For the sake of answering, I'm going to assume you're asking "When is the best time to kiai in order to maximize effect?"

Leaving aside any psychological benefit, the physiological effect of kiaiing is to tense the diaphragm and firm up the connection between the upper and lower body. Simply put, if there's "wiggle" in your core, a punch relies (primarily) on upper-body mass. If your entire body is one tight unit, more of your lower-body mass comes into play.

Imagine a knight on horseback, striking a jousting target with a lance at full gallop. If the knight is riding bareback, with only a loose connection to the horse, then very little of the horse's mass comes into play on impact (and the knight has a pretty good chance of flying backwards off the horse). However, if the knight has a modern saddle with stirrups, and is thus well-connected to the horse, then more of the horse's mass is behind the lance strike.

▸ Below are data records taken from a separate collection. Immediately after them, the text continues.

(* For any finite-rank $S,T\in\mathfrak S_1(\mathbb T)$, $$d(S,T)=\rho_1(f_S,f_T).$$
   Context: Rigged sets: each point has a multiplicity in $\{0,1,\dots,\infty\}$; an enumeration lists each point according to its multiplicity. $\mathfrak S_1(\mathbb T)$ is the set of countable rigged subsets of the unit circle $\mathbb T$ (identified with $[0,2\pi)$, arc-length metric) in which $1$ has infinite multiplicity, with no other accumulation point and with $d(S,\mathbf 1)<\infty$, where $d(S,T)=\inf\sum_j\mathrm{dist}(s_j,t_j)$ over enumerations $(s_j),(t_j)$ of $S,T$ and $\mathbf 1$ is $1$ with infinite multiplicity. $S$ has finite rank if it has finitely many points other than $1$ counting multiplicity. For such $S$, $f_S$ is the class, modulo addition of integer constants, of the function $(0,2\pi)\ni\theta\mapsto\#\{s\in S\setminus\{1\}:\theta<\arg s\}$ (counting multiplicity, $\arg s\in(0,2\pi)$). For two such classes $f,g$, $\rho_1(f,g)=\inf\int_0^{2\pi}|\tilde f(\theta)-\tilde g(\theta)|\,d\theta$ over all representatives $\tilde f$ of $f$ and $\tilde g$ of $g$. *)

(* R : realType. The circle T is identified with
   angles in [0, 2pi), the point 1 corresponding to the angle 0. *)
From mathcomp Require Import all_boot all_order all_algebra.
From mathcomp Require Import all_classical all_reals all_analysis.
Set Implicit Arguments. Unset Strict Implicit. Unset Printing Implicit Defensive.
Import Order.TTheory GRing.Theory Num.Theory.
Local Open Scope classical_set_scope.
Local Open Scope ring_scope.

Section Defs.
Variable R : realType.

Definition circ_dist (a b : R) : R := Num.min `|a - b| (2 * pi - `|a - b|).

(* A finite-rank element of S_1(T) is encoded by the finite multiset of its
   points other than 1 (given by their arguments in (0, 2pi)), as a list;
   the point 1 (angle 0) implicitly carries infinite multiplicity. *)
Definition finrank_rigged (S : seq R) : Prop :=
  forall a, a \in S -> 0 < a < 2 * pi.

Definition enumeration (S : seq R) (s : nat -> R) : Prop :=
  (forall j, 0 <= s j < 2 * pi) /\
  infinite_set [set j | s j = 0] /\
  (forall x, x != 0 -> ([set j | s j = x] #= `I_(count_mem x S))%card).

Definition rigged_dist (S T : seq R) : \bar R :=
  ereal_inf [set e | exists (s t : nat -> R), [/\ enumeration S s,
      enumeration T t & e = (\sum_(0 <= j <oo) (circ_dist (s j) (t j))%:E)%E]].

(* a representative of f_S : theta |-> #{s in S\{1} : theta < arg s} *)
Definition fS (S : seq R) (theta : R) : R := (count (fun a => theta < a) S)%:R.

(* rho_1(f_S, f_T): inf over representatives (shifts by integer constants) *)
Definition rho1 (S T : seq R) : \bar R :=
  ereal_inf [set e | exists (m n : int),
     e = (\int[lebesgue_measure]_(x in `]0%R, (2 * pi)%R[)
                    (`|(fS S x + m%:~R) - (fS T x + n%:~R)|)%:E)%E].

End Defs.

(* A pair of angles (x, y) with an integer shift d contributes
   |1_{t < x} - 1_{t < y} + d| to the integrand, and for the right d in
   {-1, 0, 1} its integral over (0, 2pi) is the arc distance of x and y.
   Hence, by the triangle inequality, every pairing of two enumerations costs
   at least the integral of |f_S - f_T + k| for k the sum of the shifts.
   Conversely, for every k a greedy pairing costs at most that integral: while
   k > 0, pair the largest point y of T with 1, which splits [y, 2pi) off the
   integrand and lowers k by one; k < 0 is symmetric; for k = 0 pair the largest
   points of S and T, which splits off the interval between them. *)

From mathcomp Require Import all_boot all_order all_algebra.
From mathcomp Require Import all_classical all_reals all_analysis.
From mathcomp Require Import ring lra measurable_realfun.
From mathcomp Require finmap.
Set Implicit Arguments. Unset Strict Implicit. Unset Printing Implicit Defensive.
Import Order.TTheory GRing.Theory Num.Theory.
Local Open Scope classical_set_scope.
Local Open Scope ring_scope.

That being the case, I'd say your kiai needs to be happening at the moment of impact (which means starting it a smidgen before and ending a bit after).


The kiai, kihap, or "shout" serves many different purposes. It can help provide focus by association (you shout when you strike in practice, so shouting in combat helps you land that prototype strike). It can help provide power (I don't know the mechanism exactly, but shouting or grunting often helps people exert more effort, something to do with activating your abdominal muscles). It can startle or intimidate your enemy before, during, or even after the strike. And I've had a few people say that forcefully exhaling like that helps you expel carbon dioxide from your body in preparation to breathe deeply and reduces your chance of getting the wind knocked out of you.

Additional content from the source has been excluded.